Replacing Broadcom miniPCI with Atheros

Brian Stretch bstretch at mindspring.com
Fri Apr 23 15:27:03 UTC 2004


Yes, but it only works on 32-bit Linux, as this thread explains:

http://sourceforge.net/mailarchive/forum.php?thread_id=4103096&forum_id=36471

I want to run 64-bit Fedora Core on my Athlon 64 notebook. 

Alan Cox pointed me to where the problem lies (thanks Alan!).  Like IBM,
HP has a whitelist of approved wireless miniPCI cards in their BIOS.  Since
the Atheros card is not on the whitelist and Broadcom's rectal-cranial
inversion shows no sign of correcting, 64-bit Linux users are currently SOL. 
I've got one of HP's research techs looking into this but I'm not very
hopeful.  It's too bad, under Windows the wireless range is very impressive
thanks to the two antenna panels integrated behind the screen.  Does
anyone know whether eMachines has a similar whitelist in their Athlon 64
notebooks?  What about ASUS and Acer, etc?  
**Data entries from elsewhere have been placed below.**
(* Let $\mathcal{AF}_{\vdash}=(\vdash,\overline{\cdot},\widehat{\cdot})$ be a setting and let $\vdash^{\emptyset}$ be the restriction of $\vdash$ to pairs $(\Gamma,\gamma)$ for which there is no $(\emptyset,\delta)\in{\vdash}$ with $\delta\in\overline{\psi}$ for some $\psi\in\widehat{\Gamma}$. If the setting $(\vdash^{\emptyset},\overline{\cdot},\widehat{\cdot})$ satisfies Pre-Relevance, then for each $\mathsf{Sem}\in\{\mathsf{Grd},\mathsf{Prf}\}$ the relation $\mathrel{\mid\!\sim}^{\mathcal{AF}_{\vdash}}_{\mathsf{Sem}}$ satisfies Non-Interference: for all $\mathcal{S}_1\cup\{\phi\}\cup\mathcal{S}_2\subseteq\mathcal{L}$ with $(\mathcal{S}_1\cup\{\phi\})\mid\mathcal{S}_2$, $\mathcal{S}_1\mathrel{\mid\!\sim}^{\mathcal{AF}_{\vdash}}_{\mathsf{Sem}}\phi$ iff $\mathcal{S}_1\cup\mathcal{S}_2\mathrel{\mid\!\sim}^{\mathcal{AF}_{\vdash}}_{\mathsf{Sem}}\phi$.
   Context: $\mathcal{L}$ is the set of formulas of a language built from propositional atoms; $\mathsf{Atoms}(\mathcal{S})$ is the set of atoms occurring in $\mathcal{S}$, and $\mathcal{S}_1\mid\mathcal{S}_2$ means $\mathsf{Atoms}(\mathcal{S}_1)\cap\mathsf{Atoms}(\mathcal{S}_2)=\emptyset$. A setting is $(\vdash,\overline{\cdot},\widehat{\cdot})$ with ${\vdash}\subseteq\wp_{\sf fin}(\mathcal{L})\times\mathcal{L}$ arbitrary, $\overline{\cdot}:\mathcal{L}\to\wp(\mathcal{L})$, $\widehat{\cdot}$ assigning to each nonempty finite set of formulas a finite set of formulas, with $\widehat{\emptyset}=\emptyset$. $\mathit{Arg}_{\vdash}(\mathcal{S})=\{(\Gamma,\gamma):\Gamma\subseteq\mathcal{S}\text{ finite},\Gamma\vdash\gamma\}$; in $\mathcal{AF}_{\vdash}(\mathcal{S})$, $(\Gamma,\gamma)$ attacks $(\Gamma',\gamma')$ iff $\gamma\in\overline{\phi}$ for some $\phi\in\widehat{\Gamma'}$. Dung semantics: conflict-free, defends, admissible, complete (admissible and contains all it defends), preferred ($\subseteq$-maximal complete), grounded ($\subseteq$-minimal complete). $\mathcal{S}\mathrel{\mid\!\sim}^{\mathcal{AF}}_{\mathsf{Sem}}\phi$ iff every $\mathsf{Sem}$-extension of $\mathcal{AF}(\mathcal{S})$ contains an argument with conclusion $\phi$. A setting satisfies Pre-Relevance iff (a) for all $\mathcal{S}_1,\mathcal{S}_2,\phi$ with $\mathcal{S}_1\cup\{\phi\}\mid\mathcal{S}_2$, $\mathcal{S}_1\cup\mathcal{S}_2\vdash\phi$ implies $\mathcal{S}_1'\vdash\phi$ for some $\mathcal{S}_1'\subseteq\mathcal{S}_1$; (b) it is prime: for all sets of atoms $\mathcal{A}_1\mid\mathcal{A}_2$, all finite $\mathcal{S}_1,\mathcal{T}_1,\mathcal{S}_2,\mathcal{T}_2$ with $\mathsf{Atoms}(\mathcal{S}_i),\mathsf{Atoms}(\mathcal{T}_i)\subseteq\mathcal{A}_i$, and all $\phi,\psi$ with $\psi\in\overline{\phi}$, $\phi\in\widehat{\mathcal{T}_1\cup\mathcal{T}_2}$: if $\mathcal{S}_1\cup\mathcal{S}_2\vdash\psi$ then there are $i\in\{1,2\}$, $\mathcal{S}_i'\subseteq\mathcal{S}_i$, $\phi_i\in\widehat{\mathcal{T}_i}$, $\psi_i\in\overline{\phi_i}$ with $\mathcal{S}_i'\vdash\psi_i$; (c) $\widehat{\Delta}\subseteq\widehat{\Delta\cup\Delta'}$ for all finite $\Delta,\Delta'$. *)

From mathcomp Require Import all_boot.
From mathcomp Require Import finmap.

Set Implicit Arguments.
Unset Strict Implicit.
Unset Printing Implicit Defensive.

Local Open Scope fset_scope.

Section Defs.

(* The language: an arbitrary type of formulas L together with the relation
   "atom p occurs in formula psi". *)
Variables (L : choiceType) (Atom : Type) (atoms : L -> Atom -> Prop).

(* (possibly infinite) sets of formulas are predicates on L *)
Definition fs (G : {fset L}) : L -> Prop := fun x => x \in G.

Definition AtomsS (S : L -> Prop) : Atom -> Prop :=
  fun p => exists psi, S psi /\ atoms psi p.

(* S1 | S2 : no shared atoms *)
Definition atom_disjoint (S1 S2 : L -> Prop) : Prop :=
  forall p, AtomsS S1 p -> AtomsS S2 p -> False.

Definition setU (S1 S2 : L -> Prop) : L -> Prop := fun x => S1 x \/ S2 x.
Definition setU1 (S : L -> Prop) (phi : L) : L -> Prop := fun x => S x \/ x = phi.

Record setting := Setting {
  vdash : {fset L} -> L -> Prop;
  over  : L -> L -> Prop;            (* over phi psi  <->  psi \in overline(phi) *)
  hat   : {fset L} -> {fset L};
  hat0  : hat fset0 = fset0 }.

Definition argument := ({fset L} * L)%type.

Definition Arg (st : setting) (S : L -> Prop) (a : argument) : Prop :=
  (forall x, x \in a.1 -> S x) /\ vdash st a.1 a.2.

Definition attacks (st : setting) (a b : argument) : Prop :=
  exists phi, phi \in hat st b.1 /\ over st phi a.2.

Section Dung.
Variables (st : setting) (S : L -> Prop).
Let A := Arg st S.
Let att := attacks st.

Definition conflict_free (E : argument -> Prop) : Prop :=
  forall a b, E a -> E b -> ~ att a b.

Definition defends (E : argument -> Prop) (a : argument) : Prop :=
  forall b, A b -> att b a -> exists c, E c /\ att c b.

Definition admissible (E : argument -> Prop) : Prop :=
  (forall a, E a -> A a) /\ conflict_free E /\ (forall a, E a -> defends E a).

Definition complete (E : argument -> Prop) : Prop :=
  admissible E /\ (forall a, A a -> defends E a -> E a).

Definition subsetA (E F : argument -> Prop) := forall a, E a -> F a.

Definition preferred (E : argument -> Prop) : Prop :=
  complete E /\ (forall F, complete F -> subsetA E F -> subsetA F E).

Definition grounded (E : argument -> Prop) : Prop :=
  complete E /\ (forall F, complete F -> subsetA F E -> subsetA E F).
End Dung.

Inductive sem := Grd | Prf.

Definition is_ext (Sm : sem) (st : setting) (S : L -> Prop) (E : argument -> Prop) :=
  match Sm with
  | Grd => grounded st S E
  | Prf => preferred st S E
  end.

Definition entails (st : setting) (Sm : sem) (S : L -> Prop) (phi : L) : Prop :=
  forall E, is_ext Sm st S E -> exists a, E a /\ a.2 = phi.

Definition vdash_empty (st : setting) (G : {fset L}) (g : L) : Prop :=
  vdash st G g /\
  ~ (exists delta, vdash st fset0 delta /\
       exists psi, psi \in hat st G /\ over st psi delta).

Definition restrict_empty (st : setting) : setting :=
  @Setting (vdash_empty st) (over st) (hat st) (hat0 st).

Definition pre_relevance (st : setting) : Prop :=
  (forall (S1 S2 : {fset L}) (phi : L),
      atom_disjoint (setU1 (fs S1) phi) (fs S2) ->
      vdash st (S1 `|` S2) phi ->
      exists S1' : {fset L}, S1' `<=` S1 /\ vdash st S1' phi) /\
  (forall (A1 A2 : Atom -> Prop), (forall p, A1 p -> A2 p -> False) ->
   forall (S1 T1 S2 T2 : {fset L}),
     (forall p, AtomsS (fs S1) p -> A1 p) ->
     (forall p, AtomsS (fs T1) p -> A1 p) ->
     (forall p, AtomsS (fs S2) p -> A2 p) ->
     (forall p, AtomsS (fs T2) p -> A2 p) ->
   forall phi psi, over st phi psi -> phi \in hat st (T1 `|` T2) ->
     vdash st (S1 `|` S2) psi ->
     (exists S1' phi1 psi1, S1' `<=` S1 /\ phi1 \in hat st T1 /\
         over st phi1 psi1 /\ vdash st S1' psi1) \/
     (exists S2' phi2 psi2, S2' `<=` S2 /\ phi2 \in hat st T2 /\
         over st phi2 psi2 /\ vdash st S2' psi2)) /\
  (forall D D' : {fset L}, hat st D `<=` hat st (D `|` D')).

Definition non_interference (st : setting) (Sm : sem) : Prop :=
  forall (S1 S2 : L -> Prop) (phi : L),
    atom_disjoint (setU1 S1 phi) S2 ->
    (entails st Sm S1 phi <-> entails st Sm (setU S1 S2) phi).

End Defs.

From Pilot Require Import Defs.
From mathcomp Require Import all_boot finmap boolp classical_sets.

Set Implicit Arguments.
Unset Strict Implicit.
Unset Printing Implicit Defensive.

(* Arguments with empty premises cannot be attacked (hat fset0 = fset0), so they
   belong to every complete extension; an argument they attack can neither be
   defended nor needs to be defended against.  Hence AF_|-(S) and AF_|-^0(S)
   have the same complete extensions, and it suffices to derive Non-Interference
   from Pre-Relevance of the setting itself.
   There, primeness turns an attack on an argument with premises in S1 into an
   attack by an argument built from the S1-part of the attacker's premises,
   condition (a) does the same for arguments concluding phi, and condition (c)
   closes complete extensions under shrinking premises.  So the grounded
   extension over S1 is the S1-part of the one over S1 u S2, and preferred
   extensions are transferred in both directions by restricting them to
   S1-premises or taking unions, then extending to a maximal admissible set. *)

Section Dung.
Variables (L : choiceType) (st : setting L) (S : L -> Prop).
Implicit Types (E F : set (argument L)) (a b c : argument L).
Local Open Scope classical_set_scope.

Lemma attacks_fset0 b g : ~ attacks st b (fset0, g).
Proof. by case=> p [/=]; rewrite hat0 in_fset0. Qed.

Lemma Arg_fset0 g : vdash st fset0 g -> Arg st S (fset0, g).
Proof. by split=> // x; rewrite in_fset0. Qed.

Lemma complete_fset0 E g : complete st S E -> vdash st fset0 g -> E (fset0, g).
Proof. by move=> [_ cE] /Arg_fset0 A0; apply: cE => // b _ /attacks_fset0. Qed.

Lemma defends_fset0 E a g : defends st S E a -> vdash st fset0 g ->
  ~ attacks st (fset0, g) a.
Proof. by move=> dE /Arg_fset0 A0 /(dE _ A0) [c [_ /attacks_fset0]]. Qed.

Lemma defends_mono E F a : subsetA E F -> defends st S E a -> defends st S F a.
Proof. by move=> EF dE b Ab /(dE b Ab) [c [/EF Fc cb]]; exists c. Qed.

Lemma admissible_add E a : admissible st S E -> Arg st S a -> defends st S E a ->
  admissible st S (fun x => E x \/ x = a).
Proof.
move=> [EA [cfE dE]] Aa da.
have E_no_att_a x : E x -> ~ attacks st x a.
  by move=> Ex /(da x (EA x Ex)) [c [Ec cx]]; apply: cfE cx.
have a_no_att_E x : E x -> ~ attacks st a x.
  by move=> Ex /(dE x Ex a Aa) [c [Ec ca]]; apply: E_no_att_a ca.
split; [|split].
- by move=> x [/EA|->].
- move=> x y [Ex|->] [Ey|->]; first exact: cfE.
  + exact: E_no_att_a.
  + exact: a_no_att_E.
  + by move=> /(da a Aa) [c [Ec ca]]; apply: E_no_att_a ca.
- by move=> x [/dE|->]; [|move: da]; apply: defends_mono => y; left.
Qed.

Lemma admissible_bigcup (C : set (set (argument L))) :
  (forall X, C X -> admissible st S X) -> total_on C subset ->
  admissible st S (\bigcup_(X in C) X).
Proof.
move=> adC totC; split; [|split].
- by move=> a [X /adC [XA _] /XA].
- move=> a b [X CX Xa] [Y CY Yb].
  have [XY|YX] := totC X Y CX CY.
  + by have [_ [cfY _]] := adC Y CY; apply: cfY (XY a Xa) Yb.
  + by have [_ [cfX _]] := adC X CX; apply: cfX Xa (YX b Yb).
- move=> a [X CX Xa]; have [_ [_ dX]] := adC X CX.
  by apply: defends_mono (dX a Xa) => x Xx; exists X.
Qed.

Lemma maximal_admissible_preferred E : admissible st S E ->
  (forall F, admissible st S F -> subsetA E F -> subsetA F E) -> preferred st S E.
Proof.
move=> adE maxE; have cE : complete st S E.
  split=> // a Aa dEa.
  by apply: (maxE _ (admissible_add adE Aa dEa)) => [x|]; [left|right].
by split=> // F [adF _]; apply: maxE.
Qed.

Lemma preferred_extension E0 : admissible st S E0 ->
  exists2 E, preferred st S E & subsetA E0 E.
Proof.
(* Zorn on the X with X `|` E0 admissible; adding set0 to a chain lets `|` E0
   commute with its union. *)
move=> ad0; pose P X := admissible st S (X `|` E0).
have [C PC totC|M [PM maxM]] := @Zorn_bigcup _ P.
  pose C0 := set0 |` C.
  have tot0 : total_on C0 subset.
    by move=> X Y [->|CX] [->|CY]; [left|left|right|apply: totC].
  rewrite /P; have -> : \bigcup_(X in C) X `|` E0 = \bigcup_(Y in (setU^~ E0) @` C0) Y.
    by rewrite bigcup_image bigcupUl ?bigcup_setU1 ?set0U //; exists set0; left.
  apply: admissible_bigcup => [_ [X [->|CX] <-]|_ _ [X CX <-] [Y CY <-]].
  - by rewrite set0U.
  - exact: PC.
  - by have [XY|YX] := tot0 X Y CX CY; [left|right]; apply: setSU.
exists (M `|` E0); last by move=> a; right.
apply: maximal_admissible_preferred => // F adF MF a Fa.
apply: contrapT => nMa; apply: (maxM F).
  split; first by move=> x Mx; apply: MF; left.
  by move=> FM; apply: nMa; left; apply: FM.
by rewrite /P setUidl // => x E0x; apply: MF; right.
Qed.

Definition defense_closed E := forall a, Arg st S a -> defends st S E a -> E a.

Definition grounded_ext : set (argument L) :=
  fun a => forall X, defense_closed X -> X a.

Lemma grounded_ext_closed : defense_closed grounded_ext.
Proof.
by move=> a Aa da X cX; apply: (cX) => //; apply: defends_mono da => b /(_ X cX).
Qed.

Lemma grounded_ext_sub_complete E : complete st S E -> subsetA grounded_ext E.
Proof. by move=> [_ cE] a /(_ E cE). Qed.

Lemma grounded_ext_defended a :
  grounded_ext a -> Arg st S a /\ defends st S grounded_ext a.
Proof.
move/(_ (fun b => Arg st S b /\ defends st S grounded_ext b)); apply=> b Ab db.
by split=> //; apply: defends_mono db => c [Ac dc]; apply: grounded_ext_closed.
Qed.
-----Original Message-----
From: Steve Fink <stevef at netvantix.com>
Sent: Apr 23, 2004 10:27 AM
To: Brian Stretch <bstretch at mindspring.com>, 
	For testers of Fedora Core development releases <fedora-test-list at redhat.com>
Subject: Re: Replacing Broadcom miniPCI with Atheros

Brian,

I've got the Broadcom 94306 working in RH 9, FC2T2 and SuSE 9.1 using
NDISWrapper (http://ndiswrapper.sourceforge.net).  It creates a wrapper
and loads the Winblowz native driver for your card.

Works great!

Best,

Steve


On Wed, 2004-04-21 at 10:42, Brian Stretch wrote:
> I have a new HP zv5000z Athlon 64 notebook.  It came with one
> of the hated Linux-hostile Broadcom wireless cards.  I tried swapping
> in an Atheros wireless card, which fits... but the BIOS says:
> 
> "104-Unsupported wireless network device detect"
> 
> and I have to shut down and remove the card to get any futher.  It
> sure looks like HP is deliberately disabling non-HP wireless cards,
> given that explicit message. 
> 
> Yes, I know about the Linuxant wrapper drivers, they only work
> in 32-bit Linux.  I'm running 64-bit Fedora Core Development. 
> 
> Any ideas?  Or am I as SOL as I think I am?  Do all notebooks
> do this?  Does miniPCI just require more BIOS support than
> regular PCI does on desktops? 
> 
> BTW: I have 64-bit Fedora Core Development running on this
> notebook.  FC2 Test 2 didn't work, but I'd expect Test 3 to work
> great.  The zv5000z is very similar ot the Compaq R3000z.